Had the same impressions too. I think Apple wanted it's customers to buy new Macs every 2-3 years. It's toug for us as money doesn't come by easily during these slow business climate.
 

GroundLoop

macrumors 68000
Mar 21, 2003
1,583
62
I remember the threads about "guessing" the MacPro announce/release date in which you made similar "arguments" about how Apple wouldn't announce so far from release. Guess what? They did.

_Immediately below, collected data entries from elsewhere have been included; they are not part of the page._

(* Let $n\ge1$, $m=\lfloor n/2\rfloor$, $\rho\in(0,1)$, $j\in\mathbb Z$, and let $k\le l$ be integers. If $Z^{j}_m[l]_n\le Z^{\rho,1}_m[k]_n$, then $$L_j[l]_n-L_j[k]_n\le L^{\rho,1}_m[l]_n-L^{\rho,1}_m[k]_n.$$ If $Z^{\rho,1}_m[l]_n\le Z^{j}_m[k]_n$, then $$L^{\rho,1}_m[l]_n-L^{\rho,1}_m[k]_n\le L_j[l]_n-L_j[k]_n.$$
   Context: Let $\omega=\{\omega_{i,j}:(i,j)\in\mathbb Z^2,\ i+j>0\}$ be i.i.d. exponential random variables with parameter $1$. Write $(i,j)\le(k,l)$ if $i\le k$ and $j\le l$. An up-right path from $\mathbf x$ to $\mathbf y$ is a sequence $\mathbf x=\mathbf x_0,\dots,\mathbf x_m=\mathbf y$ with increments in $\{(1,0),(0,1)\}$; its passage time is $\sum_{i=1}^m\omega_{\mathbf x_i}$ (starting point excluded). For $\mathbf x=(i,j)\le\mathbf y$ with $i+j\ge0$, $L(\mathbf x,\mathbf y)$ is the maximal passage time over up-right paths, and the geodesic from $\mathbf x$ to $\mathbf y$ is the (a.s. unique) path attaining it. For integer $k$, $[k]_n:=(n+k,n-k)$ and $L_k(\mathbf x):=L([k]_0,\mathbf x)$. For $\rho\in(0,1)$, let $\mathrm s^1_\rho$ be a stationary profile independent of $\omega$: $\mathrm s^1_\rho(0)=0$, $\mathrm s^1_\rho(k)=\sum_{i=1}^k\zeta_i$ ($k>0$), $\mathrm s^1_\rho(k)=-\sum_{i=k+1}^0\zeta_i$ ($k<0$), with $\zeta_i$ i.i.d. copies of $E_1-E_2$, $E_1,E_2$ independent exponentials of rates $1-\rho$ and $\rho$. Define $L^{\rho,1}_m[k]_n:=\max\{\mathrm s^1_\rho(i)+L([i]_m,[k]_n): i\in\mathbb Z,\ [i]_m\le[k]_n\}$ and let $Z^{\rho,1}_m[k]_n$ be the largest maximizing $i$. For $j$ with $[j]_0\le[k]_n$, let $Z^j_m[k]_n$ be the integer $z$ such that $[z]_m$ is the point where the geodesic from $[j]_0$ to $[k]_n$ meets the anti-diagonal $\{(m+i,m-i):i\in\mathbb Z\}$. *)

From Stdlib Require Import Reals ZArith List Bool.
Import ListNotations.
Open Scope R_scope.

Definition pt := (Z * Z)%type.

(* [k]_n := (n+k, n-k) *)
Definition diag (n k : Z) : pt := ((n + k)%Z, (n - k)%Z).

Definition le_pt (x y : pt) : Prop := (fst x <= fst y)%Z /\ (snd x <= snd y)%Z.
Definition le_ptb (x y : pt) : bool := (Z.leb (fst x) (fst y) && Z.leb (snd x) (snd y))%bool.
Definition pt_eqb (x y : pt) : bool := (Z.eqb (fst x) (fst y) && Z.eqb (snd x) (snd y))%bool.

(* An up-right path from x is encoded by its sequence of increments:
   true = (1,0), false = (0,1). *)
Definition step (p : pt) (b : bool) : pt :=
  if b then ((fst p + 1)%Z, snd p) else (fst p, (snd p + 1)%Z).

Fixpoint pts (p : pt) (bs : list bool) : list pt :=
  match bs with
  | [] => []
  | b :: bs' => step p b :: pts (step p b) bs'
  end.

Fixpoint endp (p : pt) (bs : list bool) : pt :=
  match bs with
  | [] => p
  | b :: bs' => endp (step p b) bs'
  end.

(* passage time: sum of the weights of x_1..x_m (starting point excluded) *)
Definition weight (w : Z -> Z -> R) (p : pt) (bs : list bool) : R :=
  fold_right Rplus 0 (map (fun q => w (fst q) (snd q)) (pts p bs)).

Fixpoint all_bl (n : nat) : list (list bool) :=
  match n with
  | O => [[]]
  | S n' => map (cons true) (all_bl n') ++ map (cons false) (all_bl n')
  end.

(* all up-right paths from x to y (each has exactly (y1-x1)+(y2-x2) steps) *)
Definition up_right_paths (x y : pt) : list (list bool) :=
  filter (fun bs => pt_eqb (endp x bs) y)
         (all_bl (Z.to_nat ((fst y - fst x) + (snd y - snd x)))).

Definition list_max (l : list R) : R :=
  match l with [] => 0 | a :: l' => fold_right Rmax a l' end.

Definition list_maxZ (l : list Z) : Z :=
  match l with [] => 0%Z | a :: l' => fold_right Z.max a l' end.

Definition L (w : Z -> Z -> R) (x y : pt) : R :=
  list_max (map (weight w x) (up_right_paths x y)).

Definition is_geodesic (w : Z -> Z -> R) (x y : pt) (bs : list bool) : Prop :=
  endp x bs = y /\ weight w x bs = L w x y.

Definition Lj (w : Z -> Z -> R) (j : Z) (x : pt) : R := L w (diag 0 j) x.

Definition zrange (a b : Z) : list Z :=
  map (fun t => (a + Z.of_nat t)%Z) (seq 0 (Z.to_nat (b - a + 1))).

(* the integers i with [i]_m <= [k]_n (all lie in k-(n-m) .. k+(n-m)) *)
Definition feasible (m n k : Z) : list Z :=
  filter (fun i => le_ptb (diag m i) (diag n k))
         (zrange (k - (n - m))%Z (k + (n - m))%Z).

Definition Rrho_val (w : Z -> Z -> R) (s : Z -> R) (m n k i : Z) : R :=
  s i + L w (diag m i) (diag n k).

(* L^{rho,1}_m[k]_n = max { s(i) + L([i]_m,[k]_n) : [i]_m <= [k]_n } *)
Definition Lrho (w : Z -> Z -> R) (s : Z -> R) (m n k : Z) : R :=
  list_max (map (Rrho_val w s m n k) (feasible m n k)).

Definition Reqb (a b : R) : bool := if Req_EM_T a b then true else false.

(* Z^{rho,1}_m[k]_n : the largest maximizing i *)
Definition Zrho (w : Z -> Z -> R) (s : Z -> R) (m n k : Z) : Z :=
  list_maxZ (filter (fun i => Reqb (Rrho_val w s m n k i) (Lrho w s m n k))
                    (feasible m n k)).
(* Let $M$ be a manifold with a Riemannian metric $g$ and a closed $3$-form $H$. Let $D\subset TM\oplus T^\ast M$ be a Dirac structure for the $H$-twisted standard Courant algebroid, and let $\rho\colon D\to TM$ and $\theta\colon D\to T^\ast M$ be vector bundle maps such that $\rho\oplus\theta\colon D\to TM\oplus T^\ast M$ maps $D$ isomorphically onto a Dirac structure $\widetilde D$ of the same $H$-twisted Courant algebroid. Let $\theta^\ast:=g^{-1}\circ\theta\colon D\to TM$. Then the bundle maps $\theta^\ast\pm\rho\colon D\to TM$ are invertible. Choose a local frame $(e_a)$ of $D$ and local coordinates $(x^i)$ on $M$, write $\rho_a=\rho(e_a)=\rho^i_a\partial_i$, $\theta_a=\theta(e_a)=\theta_{ai}\,\mathrm dx^i$, $(\theta^\ast)^k{}_a=g^{kj}\theta_{aj}$, and $H^k{}_{li}=g^{km}H_{mli}$. Define $$T^a_{bi}=[(\theta^\ast+\rho)^{-1}]^a{}_k\Big(\mathring\nabla_i(\theta^\ast+\rho)^k{}_b-\tfrac12\rho^l_b H^k{}_{li}\Big),$$ $$\phi^a_{bi}=[(\theta^\ast-\rho)^{-1}]^a{}_k\Big(\mathring\nabla_i\rho^k_b-\rho^k_cT^c_{bi}\Big),\qquad \omega^a_{bi}=\Gamma^a_{bi}-\phi^a_{bi}+T^a_{bi},$$ and the local $1$-forms $\omega^b_a=\omega^b_{ai}\,\mathrm dx^i$, $\phi^b_a=\phi^b_{ai}\,\mathrm dx^i$. Then for every $a$, $$\mathcal L_{\rho_a}g=\omega^b_a\vee\iota_{\rho_b}g+\phi^b_a\vee\theta_b,\qquad \iota_{\rho_a}H=\mathrm d\theta_a-\omega^b_a\wedge\theta_b-\phi^b_a\wedge\iota_{\rho_b}g .$$ Equivalently, the connections $\nabla^\pm=\nabla^\omega\pm\phi$ on $D$ (where $\nabla^\omega e_a=\omega^b_a\otimes e_b$) are $\nabla^+=\nabla^{LC}+T$ and $\nabla^-=\nabla^{LC}+T-2\,\iota_{(\mathring\nabla-T)(\rho)}(\theta^\ast-\rho)^{-1}$.
   Context: The $H$-twisted standard Courant algebroid on $TM\oplus T^\ast M$ has pairing $\langle v+\eta,v'+\eta'\rangle=\iota_v\eta'+\iota_{v'}\eta$ and bracket $[v+\eta,v'+\eta']=[v,v']+\mathcal L_v\eta'-\mathcal L_{v'}\eta-\tfrac12\mathrm d(\iota_v\eta'-\iota_{v'}\eta)-\iota_v\iota_{v'}H$. A Dirac structure is a subbundle of rank $\dim M$ that is isotropic for the pairing and whose sections are closed under the bracket. Every Dirac structure $D$ is of the form $\{(\mathrm{id}-\mathcal O)\mathfrak a\oplus g((\mathrm{id}+\mathcal O)\mathfrak a):\mathfrak a\in TM\}$ for a unique $g$-orthogonal endomorphism $\mathcal O$ of $TM$, so $v\oplus\eta\mapsto\tfrac12(v+g^{-1}\eta)$ is an isomorphism $D\cong TM$. $\nabla^{LC}$ denotes the connection on $D$ obtained from the Levi-Civita connection of $g$ through this isomorphism, with coefficients $\nabla^{LC}e_b=\Gamma^a_{bi}\,\mathrm dx^i\otimes e_a$; $\mathring\nabla$ denotes the covariant derivative on sections of $D^\ast\otimes TM$ built from the Levi-Civita connection of $g$ on $TM$ and $\nabla^{LC}$ on $D$ (so $\mathring\nabla_i\rho^k_b=\partial_i\rho^k_b+\Gamma^k_{il}\rho^l_b-\Gamma^c_{bi}\rho^k_c$, with $\Gamma^k_{il}$ the Christoffel symbols of $g$). For $1$-forms, $\alpha\vee\beta=\alpha\otimes\beta+\beta\otimes\alpha$ and $\alpha\wedge\beta=\alpha\otimes\beta-\beta\otimes\alpha$; $\iota_{\rho_b}g=g(\rho_b,\cdot)$. In the last formula, $T$ and $(\theta^\ast-\rho)^{-1}$ are viewed as sections of $T^\ast M\otimes D^\ast\otimes D$ (via $T^b_{ai}$) and $T^\ast M\otimes D$, $(\mathring\nabla-T)(\rho)$ has components $\mathring\nabla_i\rho^k_b-\rho^k_cT^c_{bi}$, and the contraction is over the single $TM$ and $T^\ast M$ indices. *)

(* Local (chart-level) tensor calculus on an open
   subset U of R^n, with points in 'rV[R]_n. *)
From HB Require Import structures.
From mathcomp Require Import all_boot all_order all_algebra.
From mathcomp Require Import all_classical all_reals all_analysis.
Set Implicit Arguments. Unset Strict Implicit. Unset Printing Implicit Defensive.
Import Order.TTheory GRing.Theory Num.Theory.
Import numFieldNormedType.Exports.
Local Open Scope classical_set_scope.
Local Open Scope ring_scope.

Section LocalGeometry.
Context {R : realType} {n : nat}.
Local Notation pt := 'rV[R]_n.
Local Notation idx := 'I_n.

Definition pd (i : idx) (f : pt -> R) : pt -> R :=
  fun x => 'D_(delta_mx 0 i) f x.
(* $\mathcal{A}(\bm{p})$ is a Hermite ring, i.e. every finitely generated stably free $\mathcal{A}(\bm{p})$-module is free. Equivalently, for all $k<K$ in $\mathbb{N}$ and every $f\in\mathcal{A}(\bm{p})^{K\times k}$ admitting $g\in\mathcal{A}(\bm{p})^{k\times K}$ with $g\ast f=I_k$, there exist $f_c\in\mathcal{A}(\bm{p})^{K\times(K-k)}$ and $G\in\mathcal{A}(\bm{p})^{K\times K}$ with $G\ast[f\ \ f_c]=I_K$.
   Context: Fix $\bm{p}:\mathbb{N}_0\to(0,\infty)$ with $\lim_{n\to\infty}\bm{p}(n)^{1/n}=\infty$. For an entire function $f$ write $f(z)=\sum_{n\ge0}\widehat f(n)z^n$. $\mathcal{A}(\bm{p})$ is the set of entire functions $f$ with $\sup_{n\ge 0}\bm{p}(n)|\widehat f(n)|<\infty$, with pointwise addition and scalar multiplication, the weighted Hadamard product $(f\ast g)(z)=\sum_{n\ge0}\bm{p}(n)\widehat f(n)\widehat g(n)z^n$, and norm $\|f\|=\sup_{n\ge0}\bm{p}(n)|\widehat f(n)|$. It is a commutative unital ring with unit $\varepsilon(z)=\sum_{n\ge0}\frac{z^n}{\bm{p}(n)}$; matrix products use $\ast$ and $I_k$ is the $k\times k$ diagonal matrix with diagonal entries $\varepsilon$. *)

From mathcomp Require Import all_boot all_algebra.
From mathcomp Require Import all_classical all_reals all_analysis.
From mathcomp Require Export complex.
Import GRing.Theory Num.Theory numFieldNormedType.Exports.
Set Implicit Arguments.
Unset Strict Implicit.
Unset Printing Implicit Defensive.
Local Open Scope classical_set_scope.
Local Open Scope ring_scope.

(* An entire function f(z) = sum_n fhat(n) z^n is represented by its Taylor
   coefficient sequence a : nat -> R[i]. *)

Definition entire_coeffs (R : realType) (a : nat -> R[i]) : Prop :=
  forall r : R, 0 <= r -> cvg (series (fun n => (Normc.normc (a n) : R) * r ^+ n : R) @ \oo).
(* Let $d\ge2$ and $0<\delta\le 1$, and let $\mathcal{P}_\delta$ be the protection of the Delaunay triangulation of $T_\delta(\mathbb{Z}^d)$ and $R_\delta$ its Delaunay radius. Writing $N_\delta=\delta^4(d^2-1)+\delta^2(d^2+2)+d^2-1$, we have $$\frac{\mathcal{P}_\delta}{R_\delta}=\begin{cases}\sqrt{\dfrac{\delta^4(d^2-1)+\delta^2(d^2-22)+d^2+23}{N_\delta}}-1 & \text{if } \frac{1}{\sqrt{d+1}}<\delta\le1,\\[2mm] \sqrt{\dfrac{d^2+2d+24}{d^2+2d}}-1 & \text{if } \delta=\frac{1}{\sqrt{d+1}},\\[2mm] \sqrt{\dfrac{\delta^4(d^2-1)+\delta^2(d^2+24d+2)+d^2-1}{N_\delta}}-1 & \text{if } 0<\delta<\frac{1}{\sqrt{d+1}}.\end{cases}$$ Moreover $R_\delta=\sqrt{N_\delta/(12d)}$.
   Context: For $\delta\in\mathbb{R}$ the diagonal distortion $T_\delta:\mathbb{R}^d\to\mathbb{R}^d$ is $T_\delta(x)=x-\frac{1-\delta}{d}\,\Delta(x)\,\mathbf{1}$, with $\Delta(x)=\sum_i x_i$, $\mathbf{1}=(1,\dots,1)$. The Freudenthal triangulation of $[0,1]^d$ consists of the simplices whose vertex sets are chains $p_0\le p_1\le\dots\le p_k$ in $\{0,1\}^d$ (coordinatewise strictly increasing); translating it by all integer vectors gives a triangulation of $\mathbb{R}^d$ with vertex set $\mathbb{Z}^d$. For $0<\delta\le 1$ the Delaunay triangulation of $T_\delta(\mathbb{Z}^d)$ is (for $\delta<1$) the image under $T_\delta$ of this triangulation; all its $d$-simplices are congruent and have the same circumradius, the Delaunay radius $R_\delta$ (for $\delta=1$ take the $T_1$-image of the same Freudenthal simplices, i.e. the Freudenthal simplices themselves). For a Delaunay $d$-simplex $\tau$ with circumcenter $c_\tau$ and circumradius $r_\tau$, its protection is $\min\{\|q-c_\tau\|-r_\tau : q\in T_\delta(\mathbb{Z}^d)\text{ not a vertex of }\tau\}$; the protection $\mathcal{P}_\delta$ of the lattice is the infimum of this over all Delaunay $d$-simplices $\tau$. *)

From Stdlib Require Import Reals ZArith List.
Import ListNotations.
Open Scope R_scope.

Honestly, I think that this was a smart move on Apple's Part. Apple knew that the new design wasn't going to fit every organization's needs. So they introduced the new Mac Pro and gave those organizations time to upgrade to the current Mac Pro now. That at least buys them some time to figure out a transition plan (either to the new Mac Pro or to another platform). Plus, it has the added benefit of clearing out current Mac Pro inventory for people who do not want to live with the restrictions of the new form factor.

GL
 

hudson1

macrumors 6502
Jun 12, 2012
437
226
Honestly, I think that this was a smart move on Apple's Part. Apple knew that the new design wasn't going to fit every organization's needs. So they introduced the new Mac Pro and gave those organizations time to upgrade to the current Mac Pro now. That at least buys them some time to figure out a transition plan (either to the new Mac Pro or to another platform). Plus, it has the added benefit of clearing out current Mac Pro inventory for people who do not want to live with the restrictions of the new form factor.

GL
Additionally, the long lag from announcement to introduction is giving people time to "warm up" to what is, conceptually, a different piece of hardware than what anyone else has made in volume. Apple doesn't want the new MP to be a flop at into and the extra time is helping in that regard (IMHO).
 

deconstruct60

macrumors G5
Mar 10, 2009
12,260
3,860
Uh, deconstruct.... Guessing a perfectly reasonable part of opinion formation. That's a big part of how something is an opinion and not fact in the first place...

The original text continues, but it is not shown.